A radioactive iridium-192 source capable of causing permanent injury within minutes of exposure went missing in late July, according to the US Nuclear Regulatory Commission (NRC). Prime NDT Services—a business based in Strasburg, Ohio, that uses nondestructive testing methods to evaluate the integrity of oil and gas pipelines—shipped the ¹⁹²Ir source from Ohio to Michigan on 12 July. Eight days later the carrier informed the company of the disappearance. Dozens of similar incidents around the US have been reported to the NRC this year.

The risks of accidental radioactive contamination and deliberate dispersal by terrorists have prompted governments worldwide to fund the search for substitutes for commercial radioisotope technology. After the 9/11 terrorist attacks in 2001, Congress tasked the National Research Council with reviewing technologies that rely on high-risk materials and recommending nonradioactive replacements that couldn’t be readily weaponized.

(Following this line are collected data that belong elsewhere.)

(* Let $D$ be a digraph with $\chi(D)>\omega$. Then both $\vec H_{\omega,\omega}$ and $\overleftarrow{H}_{\omega,\omega}$ embed into $D$ (as not necessarily induced subdigraphs).
   Context: A digraph is a pair $D=(V,E)$ with $E\subseteq V^2$ such that $uv\in E$ implies $vu\notin E$. The dichromatic number $\chi(D)$ is the minimal number of acyclic vertex sets (sets inducing no directed cycle) covering $V(D)$. $\vec H_{\omega,\omega}$ is the digraph on $\omega\times 2$ whose arcs are $(k,0)(\ell,1)$ for all $k\leq\ell<\omega$; $\overleftarrow{H}_{\omega,\omega}$ is the digraph on $\omega\times2$ whose arcs are $(\ell,1)(k,0)$ for all $k\leq\ell<\omega$. *)

From Stdlib Require Import List.
Import ListNotations.

Definition oriented {V : Type} (E : V -> V -> Prop) : Prop :=
  forall u v, E u v -> ~ E v u.

Fixpoint path_arcs {V : Type} (E : V -> V -> Prop) (x : V) (l : list V) : Prop :=
  match l with
  | [] => True
  | y :: l' => E x y /\ path_arcs E y l'
  end.

Definition directed_cycle {V : Type} (E : V -> V -> Prop) (l : list V) : Prop :=
  exists v0 rest, l = v0 :: rest /\ rest <> [] /\ NoDup l /\
    path_arcs E v0 (rest ++ [v0]).

Definition acyclic_set {V : Type} (E : V -> V -> Prop) (A : V -> Prop) : Prop :=
  ~ exists l, directed_cycle E l /\ forall v, In v l -> A v.

Definition dichromatic_le_omega {V : Type} (E : V -> V -> Prop) : Prop :=
  exists A : nat -> V -> Prop,
    (forall n, acyclic_set E (A n)) /\ forall v, exists n, A n v.

Definition dichromatic_gt_omega {V : Type} (E : V -> V -> Prop) : Prop :=
  ~ dichromatic_le_omega E.

(* Vertex set omega x 2, with (k,false) = (k,0) and (k,true) = (k,1). *)
Definition H_fwd (x y : nat * bool) : Prop :=
  snd x = false /\ snd y = true /\ fst x <= fst y.

Definition H_bwd (x y : nat * bool) : Prop :=
  snd x = true /\ snd y = false /\ fst y <= fst x.

Definition embeds {W V : Type} (H : W -> W -> Prop) (E : V -> V -> Prop) : Prop :=
  exists f : W -> V, (forall x y, f x = f y -> x = y) /\
    (forall x y, H x y -> E (f x) (f y)).

(* Suppose H_fwd does not embed.  Call C closed if, whenever a nonempty finite
   F included in C has only finitely many common out-neighbours, all of them lie
   in C.  Then a vertex y outside a closed C has only finitely many in-neighbours
   in C: otherwise every finite set of them has infinitely many common
   out-neighbours (y among them, and C is closed), and a greedy choice builds
   a copy of H_fwd.  Closure does not increase the size of an infinite set, so
   a set Y of size kappa is an increasing union of closed sets of smaller size.
   Ranking each vertex by the first of these sets containing it, colour each
   layer with countably many colours (induction on kappa) and refine by a greedy
   colour avoiding the finitely many in-neighbours of smaller rank: a
   monochromatic directed cycle cannot climb in rank, so it stays in one layer.
   Sizes are measured by injections into finite binary trees whose leaves lie
   below an element of a well-order.  H_bwd is H_fwd for the reversed digraph. *)

From Stdlib Require Import List Arith Lia Classical ClassicalEpsilon FunctionalExtensionality Wellfounded Cantor Permutation.
From mathcomp Require ssreflect ssrbool eqtype boolp wochoice.
Import ListNotations.

(** * Well-orders *)

Definition strict_well_order {O : Type} (lt : O -> O -> Prop) : Prop :=
  well_founded lt /\ (forall x y z, lt x y -> lt y z -> lt x z) /\
  (forall x y, lt x y \/ x = y \/ lt y x).

Module WellOrdering.
Import ssreflect ssrbool eqtype boolp wochoice.

Lemma well_order_exists (T : Type) : exists R : T -> T -> Prop,
  (forall x y, R x y -> R y x -> x = y) /\
  forall A : T -> Prop, (exists x, A x) -> exists z, A z /\ forall y, A y -> R z y.
Proof.
have [R Rwo] := well_ordering_principle {classic T}.
exists (fun x y => R x y); split.
- move=> x y Rxy Ryx.
  have anti := @wo_chain_antisymmetric {classic T} R predT (fun A _ => Rwo A).
  by apply: (anti x y) => //; rewrite Rxy Ryx.
- move=> A [x Ax].
  have ne : nonempty [pred y : {classic T} | `[< A y >]].
    by exists x; rewrite inE; apply/asboolP.
  have [z [[zA lb] _]] := Rwo _ ne.
  exists z; split; first by move: zA; rewrite inE => /asboolP.
  by move=> y Ay; apply: lb; rewrite inE; apply/asboolP.
Qed.

End WellOrdering.

Lemma strict_well_order_exists (T : Type) : exists lt : T -> T -> Prop, strict_well_order lt.
Proof.
  destruct (WellOrdering.well_order_exists T) as [R [Ranti Rmin]].
  exists (fun x y => R x y /\ x <> y).
  assert (Rmin2 : forall x y, R x y \/ R y x).
  { intros x y. destruct (Rmin (fun w => w = x \/ w = y)) as [m [[-> | ->] Hm]]; [eauto| |].
    - left; apply Hm; auto.
    - right; apply Hm; auto. }
  split; [|split].
  - intro x. apply NNPP; intro Hx.
    destruct (Rmin (fun v => ~ Acc (fun x y => R x y /\ x <> y) v)) as [z [Hz Hmin]]; [exists x; exact Hx|].
    apply Hz. constructor. intros y [Ryz Hyz]. apply NNPP; intro Hy.
    apply Hyz, Ranti; auto.
  - intros x y z [Rxy nxy] [Ryz nyz].
    destruct (Rmin (fun w => w = x \/ w = y \/ w = z)) as [m [Hm Hmin]]; [exists x; left; reflexivity|].
    destruct Hm as [-> | [-> | ->]].
    + split; [apply Hmin; auto|]. intros ->. apply nxy, Ranti; auto.
    + destruct nxy; apply Ranti; auto.
    + destruct nyz; apply Ranti; auto.
  - intros x y. destruct (classic (x = y)) as [e|ne]; [auto|].
    destruct (Rmin2 x y); [left|right; right]; split; auto.
Qed.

The report, released in 2008, found that a handful of radionuclides make up the majority of high-risk sources in the US and suggested that cesium chloride sources, in particular, should be replaced. A follow-up report released in June of this year by the National Academies of Sciences, Engineering, and Medicine (NASEM) renews the call to decrease the reliance on radioactive materials.

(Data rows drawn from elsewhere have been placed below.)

(* Let $\nabla$ be a Type $\mathcal A$ connection on $\mathbb R^2$ whose Ricci tensor is non-degenerate, and let $U\subset\mathbb R^2$ be a connected open set. Then the affine Killing vector fields of $\nabla$ on $U$ are exactly the vector fields $b^1\partial_{x^1}+b^2\partial_{x^2}$ with $b^1,b^2\in\mathbb R$ constant.
   Context: A torsion-free connection has Christoffel symbols $\nabla_{\partial_{x^i}}\partial_{x^j}=\Gamma_{ij}^k\partial_{x^k}$; curvature $R(X,Y)Z=\nabla_X\nabla_YZ-\nabla_Y\nabla_XZ-\nabla_{[X,Y]}Z$, Ricci tensor $\rho(Y,Z)=\mathrm{Tr}(X\mapsto R(X,Y)Z)$. For real constants, $\Gamma(a,b,c,d,e,f)$ denotes the connection on $\mathbb R^2$ with constant Christoffel symbols $\Gamma_{11}^1=a$, $\Gamma_{11}^2=b$, $\Gamma_{12}^1=\Gamma_{21}^1=c$, $\Gamma_{12}^2=\Gamma_{21}^2=d$, $\Gamma_{22}^1=e$, $\Gamma_{22}^2=f$; these are the Type $\mathcal A$ connections. A vector field $X$ on $U$ is an affine Killing vector field if $\mathcal L_X\nabla=0$, i.e. $[X,\nabla_YZ]-\nabla_Y[X,Z]-\nabla_{[X,Y]}Z=0$ for all vector fields $Y,Z$ on $U$. *)

From Stdlib Require Import Reals List ClassicalEpsilon.
Open Scope R_scope.

Inductive idx : Type := i1 | i2.

Definition idx_eqb (i j : idx) : bool :=
  match i, j with i1, i1 | i2, i2 => true | _, _ => false end.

But over the past 12 years, the US medical field, science research enterprise, and industry have increased their use of radioactive sources by 30%, according to regulatory commission data.

Targeting cesium chloride

The 2021 NASEM report focuses on the riskiest radiation sources. Blood-irradiator devices, for example, contain cesium chloride and other materials that the International Atomic Energy Agency (IAEA) defines as category 1 sources. They can cause death or permanent injury, even if someone is exposed to grams of material for just a few minutes. Category 2 sources include the americium-241 and beryllium mixture found in logging tools for oil exploration and radiometric-instrument calibration. They typically require an exposure time of hours to cause severe health conditions.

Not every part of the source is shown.